OIA1004 NERVOUS SYSTEM

Nervous System Functions

Overview: The nervous system is responsible for sensing changes in the environment, processing that information, and initiating appropriate responses. It operates through three primary functions: sensory, integrative, and motor, facilitated by specialized neurons.

Sensory Function:

Senses changes in internal and external environments via sensory receptors.

Involves sensory (afferent) neurons to transmit sensory information to the central nervous system (CNS).

Integrative Function:

Analyzes sensory information, stores relevant data, and makes decisions regarding behaviors.

Carried out by association or interneurons within the CNS.

Motor Function:

Responds to stimuli by initiating muscle actions or glandular secretions.

Utilizes motor (efferent) neurons to convey commands from the CNS to effectors (muscles and glands).

Signal Transmission

Overview: Signal transmission refers to the process by which neurons communicate with each other or with effector cells at synapses. This involves electrical and chemical signals that lead to postsynaptic potentials, ultimately resulting in action potential generation.

Synapses:

Regions where communication occurs between two neurons or a neuron and an effector cell.

Communication is typically unidirectional (from neuron to target cell).

Two main types: Electrical synapses and Chemical synapses.

Electrical Synapses:

Direct connections between neurons via gap junctions.

Allow for rapid signal transmission.

Chemical Synapses:

Involve neurotransmitter release from presynaptic neurons.

Steps of transmission:

Nerve impulse arrives at synaptic end bulb.

Voltage-gated Ca²⁺ channels open.

Neurotransmitters are released into the synaptic cleft.

Neurotransmitters bind to postsynaptic receptors.

Ion channels open in the postsynaptic membrane.

Postsynaptic potential occurs (either depolarization - EPSP or hyperpolarization - IPSP).

Action potential may be generated if threshold is reached.

Postsynaptic Potentials:

EPSP (Excitatory Postsynaptic Potential): Depolarization leading to increased likelihood of action potential.

IPSP (Inhibitory Postsynaptic Potential): Hyperpolarization leading to decreased likelihood of action potential.

Summation:

Temporal Summation:

Occurs when stimuli happen at the same location on the postsynaptic membrane but at different times.

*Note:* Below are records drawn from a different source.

(* Pulling back maximal subgroups of H and of K along the projections gives
   MaxDim H + MaxDim K <= MaxDim (H * K).  Conversely, let P be a family of
   maximal subgroups of H * K in general position, and T a minimal subfamily
   whose intersection agrees with that of P on H * 1.  The key fact is that a
   maximal subgroup M of H * K not containing (h, 1) lies, on H * 1, below
   Y * 1 for some maximal subgroup Y of H avoiding h.  Minimality of T then yields
   |T| maximal subgroups of H in general position, while the second
   coordinates of general-position witnesses of the members of P \ T form an
   irredundant subset of K.  Hence |P| <= MaxDim H + i(K). *)

From mathcomp Require Import all_boot all_fingroup all_solvable.
Set Implicit Arguments. Unset Strict Implicit. Unset Printing Implicit Defensive.
Local Open Scope group_scope.

Section MaximalFamilies.

Variable gT : finGroupType.
Implicit Types (A M : {set gT}) (P : {set {set gT}}).

Lemma maximal_group_set M A : maximal M A -> group_set M.
Proof. by case/maxsetP=> /andP[]. Qed.

Lemma maximal1 M A : maximal M A -> 1 \in M.
Proof. by move/maximal_group_set=> gM; apply: (group1 (Group gM)). Qed.

Lemma group_set_bigcap_in P :
  {in P, forall M, group_set M} -> group_set (\bigcap_(M in P) M).
Proof.
move=> gP; apply/group_setP; split.
  by apply/bigcapP=> M /gP gM; apply: (group1 (Group gM)).
move=> x y /bigcapP xP /bigcapP yP; apply/bigcapP=> M MP.
by apply: (@groupM _ (Group (gP M MP))); [apply: xP | apply: yP].
Qed.

Lemma gen_positionP P :
  reflect {in P, forall M, exists2 x, x \in \bigcap_(N in P | N != M) N & x \notin M}
          (gen_position P).
Proof.
apply: (iffP forall_inP) => genP M MP;
  have capP : \bigcap_(N in P) N = M :&: \bigcap_(N in P | N != M) N
    by rewrite (bigD1 M).
  have /properP[_ [x xP' xM]] := genP M MP; rewrite capP in xM.
  by exists x => //; apply: contra xM => xM; rewrite inE xM.
have [x xP' xM] := genP M MP; rewrite capP; apply/properP; split.
  exact: subsetIr.
by exists x => //; rewrite inE (negbTE xM).
Qed.

Lemma gen_position_separated P : gen_position P ->
  exists x : {set gT} -> gT, {in P &, forall M N : {set gT}, (x M \in N) = (M != N)}.
Proof.
move/gen_positionP=> genP.
have /fin_all_exists[x xP] : forall M, exists x : gT, M \in P ->
    x \in \bigcap_(N in P | N != M) N /\ x \notin M.
  move=> M; have [MP | _] := boolP (M \in P); last by exists 1.
  by have [x ? ?] := genP M MP; exists x.
exists x => M N MP NP; have [/bigcapP xP' xM] := xP M MP.
have [<- | neMN] := eqVneq M N; first exact: negbTE.
by apply: xP'; rewrite NP eq_sym.
Qed.

Lemma leq_card_MaxDim P :
  {in P, forall M, maximal M [set: gT]} -> gen_position P -> #|P| <= MaxDim gT.
Proof.
move=> maxP genP; apply: (leq_bigmax_cond (F := fun P => #|P|)).
by rewrite genP andbT; apply/forall_inP.
Qed.

Lemma MaxDim_attained : exists P,
  [/\ {in P, forall M, maximal M [set: gT]}, gen_position P & #|P| = MaxDim gT].
Proof.
pose admissible P := [forall M in P, maximal M [set: gT]] && gen_position P.
have [|P /andP[/forall_inP maxP genP] maxE] :=
  @eq_bigmax_cond _ admissible (fun P => #|P|).
  apply/card_gt0P; exists set0; rewrite unfold_in /admissible.
  by apply/andP; split; apply/forall_inP=> M; rewrite inE.
by exists P; split=> //; apply: esym maxE.
Qed.

Lemma leq_MaxDim_separated (I : finType) (S : {set I})
    (Y : I -> {set gT}) (x : I -> gT) :
    {in S, forall i, maximal (Y i) [set: gT]} ->
    {in S &, forall i j, (x i \in Y j) = (i != j)} ->
  #|S| <= MaxDim gT.
Proof.
move=> maxY sepY; have injY : {in S &, injective Y}.
  move=> i j iS jS eqY; apply/eqP; rewrite -[i == j]negbK -sepY //.
  by rewrite -eqY sepY // eqxx.
rewrite -(card_in_imset injY); apply: leq_card_MaxDim.
  by move=> _ /imsetP[i iS ->]; apply: maxY.
apply/gen_positionP=> _ /imsetP[i iS ->]; exists (x i); last by rewrite sepY ?eqxx.
apply/bigcapP=> _ /andP[/imsetP[j jS ->] neYij]; rewrite sepY //.
by apply: contraNneq neYij => ->.
Qed.

Lemma leq_irr_num_separated (I : finType) (S : {set I})
    (L : I -> {group gT}) (x : I -> gT) :
  {in S &, forall i j, (x i \in L j) = (i != j)} -> #|S| <= irr_num gT.
Proof.
move=> sepL; have injx : {in S &, injective x}.
  move=> i j iS jS eqx; apply/eqP; rewrite -[i == j]negbK -sepL //.
  by rewrite eqx sepL // eqxx.
rewrite -(card_in_imset injx).
apply: (@leq_bigmax_cond _ (@irredundant gT) (fun s => #|s|)).
apply/forall_inP=> _ /imsetP[j jS ->]; apply: contraTneq (mem_gen (imset_f x jS)).
move=> <-; have xjL : x j \notin L j by rewrite sepL ?eqxx.
apply: contra xjL; apply: subsetP; rewrite gen_subG.
apply/subsetP=> y /setD1P[neyxj /imsetP[i iS defy]].
by rewrite defy sepL //; apply: contraNneq neyxj => eqij; rewrite defy eqij.
Qed.

Lemma maximal_mulg_normal (G M E : {group gT}) :
  maximal M G -> E <| G -> ~~ (E \subset M) -> M * E = G.
Proof.
case/maxgroupP=> /andP[sMG _] maxM /andP[sEG nEG] not_sEM.
apply/eqP; rewrite eqEproper mul_subG //= -norm_joinEl ?(subset_trans sMG) //.
by apply: contra not_sEM => /maxM <-; rewrite ?joing_subl ?joing_subr.
Qed.

Lemma minimal_subfamily (C : {set gT}) (P : {set {set gT}}) :
  exists T : {set {set gT}},
    [/\ T \subset P, C :&: \bigcap_(N in T) N \subset \bigcap_(N in P) N
       & {in T, forall t, ~~ (C :&: \bigcap_(N in T :\ t) N \subset t)}].
Proof.
pose covers (T : {set {set gT}}) :=
  (T \subset P) && (C :&: \bigcap_(N in T) N \subset \bigcap_(N in P) N).
have [|T /minsetP[/andP[sTP sCT] minT] _] := minset_exists (P := covers) (C := P).
  by rewrite /covers subxx subsetIr.
exists T; split=> // t tT; apply/negP=> sCt.
suff /setP/(_ t) : T :\ t = T by rewrite !inE eqxx tT.
apply: minT; last exact: subD1set.
rewrite /covers (subset_trans (subD1set T t) sTP) /=.
apply: subset_trans sCT; apply/subsetP=> y yCT; have yt := subsetP sCt y yCT.
by case/setIP: yCT => yC yT; rewrite inE yC (big_setD1 t tT) inE yt.
Qed.

End MaximalFamilies.

Section PhiOver.

Variable gT : finGroupType.
Implicit Types X : {set gT}.

(* For X normal, the preimage of the Frattini subgroup of the quotient by X. *)
Definition Phi_over X : {set gT} :=
  \bigcap_(Y : {group gT} | maximal Y [set: gT] && (X \subset Y)) Y.

Canonical Phi_over_group X : {group gT} := Eval hnf in [group of Phi_over X].

Lemma sub_Phi_over X : X \subset Phi_over X.
Proof. by apply/bigcapsP=> Y /andP[]. Qed.

Lemma Phi_over_proper (X : {group gT}) :
  X \proper [set: gT] -> Phi_over X \proper [set: gT].
Proof.
move=> ltXT; have [eqXT | [Y maxY sXY]] := maximal_exists (subsetT X).
  by rewrite eqXT properxx in ltXT.
by apply: sub_proper_trans (maxgroupp maxY); apply: bigcap_inf; rewrite maxY.
Qed.

Lemma Phi_over_normal X : X <| [set: gT] -> Phi_over X <| [set: gT].
Proof.
case/andP=> _ nXT; rewrite /normal subsetT /=; apply/subsetP=> g _.
rewrite inE; apply/subsetP=> _ /imsetP[a aJ ->]; apply/bigcapP=> Y /andP[maxY sXY].
have: a \in Y :^ g^-1.
  apply: (bigcapP aJ (Y :^ g^-1)%G).
  have /normP <- := subsetP nXT g^-1 (in_setT _).
  by rewrite conjSg sXY -(conjTg g^-1) maximalJ maxY.
by rewrite mem_conjg invgK.
Qed.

Can lead to cumulative effects on postsynaptic potential.

Spatial Summation:

Occurs when stimuli happen at different locations on the postsynaptic membrane simultaneously.

Can also lead to cumulative effects on postsynaptic potential.

Nervous System Organization

Overview: The nervous system is a complex network that coordinates body functions and responses. It is divided into the Central Nervous System (CNS) and Peripheral Nervous System (PNS), each with distinct roles in processing sensory information and controlling motor functions.

Central Nervous System (CNS):

Comprises the brain and spinal cord.

Responsible for processing and integrating sensory information.

Coordinates voluntary and involuntary actions through neural pathways.

Peripheral Nervous System (PNS):

Consists of all nervous tissue outside the CNS.

Divided into:

Somatic Nervous System (SNS):

Voluntary control over skeletal muscles.

Includes sensory neurons from cutaneous and special receptors to the CNS.

Autonomic Nervous System (ANS):

Involuntary control over smooth muscle, cardiac muscle, and glands.

Further divided into sympathetic and parasympathetic divisions.

Enteric Nervous System (ENS):

Controls gastrointestinal tract functions independently of the CNS and ANS.

Involves involuntary sensory and motor neurons.

Sensory and Motor Pathways:

Sensory receptors detect stimuli and send signals to the CNS.

Motor neurons transmit commands from the CNS to effectors (muscles and glands).

Action Potentials

Overview: Action potentials are rapid, transient changes in the membrane potential of neurons that allow for the transmission of electrical signals. They follow an all-or-none principle and involve a sequence of depolarization and repolarization phases, crucial for neuronal communication.

Resting Membrane Potential:

Maintained at approximately -70 mV when the neuron is not firing.

Only leakage channels are open; voltage-gated Na+ and K+ channels are closed.

Graded Potentials:

Localized changes in membrane potential that can vary in amplitude.

Can be hyperpolarizing (making the inside more negative) or depolarizing (making the inside less negative).

If graded potentials reach threshold (-55 mV), they trigger an action potential.

Depolarization:

Initiated when the membrane potential reaches the threshold.

Voltage-gated Na+ channels open, allowing Na+ ions to flow into the neuron.

This influx causes a rapid increase in positive charge inside the cell, leading to depolarization.

Repolarization:

Occurs after the peak of the action potential.

Voltage-gated K+ channels open, allowing K+ ions to exit the neuron.

This outflow restores the negative membrane potential, returning it towards resting state.

Propagation:

The action potential travels along the axon without losing strength.

Each segment of the axon undergoes depolarization and repolarization sequentially, propagating the signal down the length of the neuron.